Hynson’s life became the stuff of lore starting in 1963, when he was invited by the filmmaker Bruce Brown to join him and Robert August, another young Southern California surfer, on a trek that would lead them through Senegal, Ghana, South Africa, Australia, Tahiti, New Zealand and Hawaii, hopping the Equator to avoid the slightest chill of winter while searching for the perfect wave.
Hynson was only 21 but had already built a reputation as a maverick power surfer on the beaches around San Diego. He could be cocky and aloof, friends recalled — but not without reason: He already proved his mettle as one of the first non-native Hawaiians to ride Pipeline, on the North Shore of the Hawaiian island of Oahu, sometimes called the most dangerous wave in the world, in 1961.
He certainly looked camera ready, with his caramel tan and sun-whitened hair pomaded back in Dracula fashion, a hairstyle soon to be imitated by surfers around the world.
Mr.
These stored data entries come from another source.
Lemma domination_propagates_right : exists R0, forall tau S,
  R0 <= S - c * h -> R0 <= S - c * h + tau ->
  (forall s, S - c * h <= s <= S -> psi s <= phi (s + tau)) ->
  forall s, S - c * h <= s -> psi s <= phi (s + tau).
Proof.
  destruct (contraction_below_kappa g kappa HH) as [r [q [Hr [Hq Hcontr]]]].
  destruct (profile_near_kappa g kappa h c phi Wphi r Hr) as [Sphi HSphi].
  destruct (profile_near_kappa g kappa h c psi Wpsi r Hr) as [Spsi HSpsi].
  exists (Rmax Sphi Spsi). intros tau S H1 H2.
  assert (Hm1 := Rmax_l Sphi Spsi). assert (Hm2 := Rmax_r Sphi Spsi).
  apply (comparison_near_kappa tau S r q Hq Hcontr).
  intros s Hs. split; [apply HSphi | apply HSpsi]; lra.
Qed.

(* Translates far enough to the left do not dominate, as [phi (-oo) = 0 < psi 0]. *)
Lemma some_shift_fails : exists tau, ~ dominates tau.
Proof.
  assert (Hpsi0 : 0 < psi 0) by (destruct Wpsi as (_&_&_&_&_&P&_); apply P).
  destruct Wphi as (_ & _ & _ & _ & _ & _ & _ & _ & Hleft & _).
  destruct (Hleft (psi 0) Hpsi0) as [M HM]. exists M. intros Hdom.
  specialize (Hdom 0). specialize (HM (0 + M) ltac:(lra)).
  apply Rabs_def2 in HM. lra.
Qed.

Hypothesis Hfaster : decays_faster psi phi.

(* A dominating translate cannot touch [psi]: a contact point is a minimum of
   the gap, and by the touching inequality and strict monotonicity of [g] the
   contact repeats one delay earlier, contradicting [decays_faster]. *)
Lemma strict_domination tau : dominates tau -> forall s, psi s < phi (s + tau).
Proof.
  intros Hdom.
  assert (Hnever : forall s, gap tau s <> 0).
  { apply (never_by_backward_steps (fun s => gap tau s = 0) (c * h) Hdelay).
    - intros s Hcontact.
      assert (Htouch := touching_inequality tau s 1 ltac:(lra)
        ltac:(intros y _; rewrite Hcontact; specialize (Hdom y); unfold gap; lra)).
      assert (Hpos : 0 < psi (s - c * h)) by (destruct Wpsi as (_&_&_&_&_&P&_); apply P).
      destruct HH as (_ & _ & _ & Hinc & _).
      specialize (Hdom (s - c * h)). destruct Hdom as [Hlt|Heq]; [exfalso | unfold gap; lra].
      specialize (Hinc _ _ (Rlt_le _ _ Hpos) Hlt). lra.
    - destruct (Hfaster tau) as [S HS]. exists S. intros s Hs Hcontact.
      specialize (HS s Hs). unfold gap in Hcontact. lra. }
  intros s. destruct (Hdom s) as [|Heq]; [assumption|].
  exfalso. apply (Hnever s). unfold gap. lra.
Qed.

(* Some translate of [phi] dominates [psi]: far left by [decays_faster],
   on a bounded interval since [psi < kappa], and on the right by comparison. *)
Lemma dominating_shift_exists : exists tau, dominates tau.
Proof.
  destruct (domination_propagates_right) as [R0 HR0].
  destruct (Hfaster 0) as [S1 HS1].
  assert (H21 := Rmax_l (S1 + c * h) (R0 + c * h)).
  assert (H22 := Rmax_r (S1 + c * h) (R0 + c * h)).
  set (S2 := Rmax (S1 + c * h) (R0 + c * h)) in *.
  assert (Hbelow := profile_lt_kappa g kappa h c psi Hh Hc HH Wpsi S2).
  destruct (profile_near_kappa g kappa h c phi Wphi (kappa - psi S2) ltac:(lra))
    as [M HM].
  set (tau := Rmax 0 (Rmax (M - S1) (R0 - S2 + c * h))).
  assert (T0 : 0 <= tau) by apply Rmax_l.
  assert (T1 : M - S1 <= tau) by (eapply Rle_trans; [|apply Rmax_r]; apply Rmax_l).
  assert (T2 : R0 - S2 + c * h <= tau) by (eapply Rle_trans; [|apply Rmax_r]; apply Rmax_r).
  exists tau.
  assert (Hmon_phi := profile_nondecreasing g kappa h c phi Wphi).
  assert (Hmon_psi := profile_nondecreasing g kappa h c psi Wpsi).
  assert (Hleft : forall s, s <= S2 -> psi s <= phi (s + tau)).
  { intros s Hs. destruct (Rle_or_lt s S1) as [Hs1|Hs1].
    - specialize (HS1 s Hs1). specialize (Hmon_phi (s + 0) (s + tau) ltac:(lra)). lra.
    - specialize (Hmon_psi s S2 Hs). specialize (HM (S1 + tau) ltac:(lra)).
      specialize (Hmon_phi (S1 + tau) (s + tau) ltac:(lra)). lra. }
  intros s. destruct (Rle_or_lt s S2) as [Hs|Hs]; [apply Hleft; exact Hs|].
  apply (HR0 tau S2); [lra | lra | intros y Hy; apply Hleft; lra | lra].
Qed.

(* On a compact interval a strict domination survives a small shift to the
   left, [phi'] being bounded there. *)
Lemma shift_on_compact tau S1 S2 : S1 <= S2 ->
  (forall s, S1 <= s <= S2 -> psi s < phi (s + tau)) ->
  exists eps, 0 < eps <= 1 /\ forall s, S1 <= s <= S2 -> psi s <= phi (s + (tau - eps)).
Proof.
  intros HS Hstrict.
  destruct (continuity_ab_min (gap tau) S1 S2 HS) as [smin [Hmin Hsmin]].
  { intros y _. apply gap_continuous. }
  set (del := gap tau smin).
  assert (Hdel : 0 < del) by (unfold del, gap; specialize (Hstrict smin Hsmin); lra).
  destruct Wphi as (phi1 & phi2 & Hd1 & Hd2 & _).
  destruct (continuity_ab_maj phi1 (S1 + tau - 1) (S2 + tau) ltac:(lra)) as [bx [Hmax _]].
  { intros y _. apply derivable_continuous_pt. exists (phi2 y). apply Hd2. }
  (* [Bd] bounds the slope of [phi] on [[S1 + tau - 1, S2 + tau]] *)
  set (Bd := Rabs (phi1 bx) + 1).
  assert (HBd : 0 < Bd) by (unfold Bd; pose proof (Rabs_pos (phi1 bx)); lra).
  assert (Hbx : phi1 bx <= Rabs (phi1 bx)) by apply Rle_abs.
  set (eps := Rmin 1 (del / Bd)).
  assert (He1 : eps <= 1) by apply Rmin_l.
  assert (He0 : 0 < eps) by (apply Rmin_pos; [lra | apply Rdiv_lt_0_compat; lra]).
  assert (HeB : Bd * eps <= del).
  { apply Rmult_le_reg_r with (/ Bd); [apply Rinv_0_lt_compat; lra|].
    replace (Bd * eps * / Bd) with eps by (field; lra). apply Rmin_r. }
  exists eps. split; [lra|]. intros s Hs.
  destruct (MVT_cor2 phi phi1 (s + tau - eps) (s + tau) ltac:(lra) (fun z _ => Hd1 z))
    as [xi [Hmvt Hxi]].
  assert (phi1 xi <= phi1 bx) by (apply Hmax; lra).
  assert (del <= gap tau s) by (apply Hmin; lra).
  unfold gap, Bd in *. replace (s + (tau - eps)) with (s + tau - eps) by ring.
  replace (s + tau - (s + tau - eps)) with eps in Hmvt by ring. nra.
Qed.

Lemma domination_improves tau : dominates tau -> exists eps, 0 < eps /\ dominates (tau - eps).
Proof.
  intros Hdom.
  assert (Hstrict := strict_domination tau Hdom).
  destruct (domination_propagates_right) as [R0 HR0].
  destruct (Hfaster (tau - 1)) as [S1 HS1].
  assert (H21 := Rmax_l (S1 + c * h) (R0 + c * h + Rabs tau + 1)).
  assert (H22 := Rmax_r (S1 + c * h) (R0 + c * h + Rabs tau + 1)).
  set (S2 := Rmax (S1 + c * h) (R0 + c * h + Rabs tau + 1)) in *.
  assert (Habs : - tau <= Rabs tau) by (rewrite <- Rabs_Ropp; apply Rle_abs).
  assert (Habs0 := Rabs_pos tau).
  destruct (shift_on_compact tau S1 S2 ltac:(lra) ltac:(intros s _; apply Hstrict))
    as [eps [[He0 He1] Hmid]].
  exists eps. split; [exact He0|]. intros s.
  destruct (Rle_or_lt s S1) as [Hs|Hs].
  - specialize (HS1 s Hs).
    assert (Hmon := profile_nondecreasing g kappa h c phi Wphi
                      (s + (tau - 1)) (s + (tau - eps)) ltac:(lra)). lra.
  - destruct (Rle_or_lt s S2) as [Hs2|Hs2]; [apply Hmid; lra|].
    apply (HR0 (tau - eps) S2); [lra | lra | intros y Hy; apply Hmid; lra | lra].
Qed.

(* Sliding method: the least dominating shift would be dominating and
   improvable, which is absurd.  Hence no profile decays faster than all
   translates of another one. *)
Lemma no_faster_decay : False.
Proof.
  destruct some_shift_fails as [tb Htb].
  destruct dominating_shift_exists as [t0 Ht0].
  set (E := fun x => dominates (- x)).
  assert (Hbound : forall x, E x -> x <= - tb).
  { intros x Ex. destruct (Rle_or_lt x (- tb)) as [|Hx]; [assumption|exfalso].
    apply Htb, (dominates_monotone (- x)); [lra | exact Ex]. }
  destruct (completeness E) as [m Hlub].
  { exists (- tb). exact Hbound. }
  { exists (- t0). unfold E. rewrite Ropp_involutive. exact Ht0. }
  (* the least dominating shift [- m] is dominating, by continuity of [phi] *)
  assert (Hstar : dominates (- m)).
  { intros s. apply le_of_right_values;
      [apply (profile_continuous g kappa h c phi Wphi)|].
    intros e He. destruct (lub_approximation E m e Hlub He) as [x [Ex Hx]].
    replace (s + - m + e) with (s + (- m + e)) by ring.
    apply (dominates_monotone (- x)); [lra | exact Ex]. }
  destruct (domination_improves (- m) Hstar) as [eps [He Himp]].
  assert (m + eps <= m); [|lra].
  apply Hlub. unfold E. replace (- (m + eps)) with (- m - eps) by ring. exact Himp.
Qed.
Brown had only $50,000 for his project, leaving his stars to pay for their own tickets around the world. To finance his trip, Hynson turned to the renowned board maker Hobie Alter, whom he had worked for, to provide him $1,400 for airfare, “even though I’d stolen nine surfboards off him a few years earlier,” he said in a 2017 interview with the British newspaper The Guardian.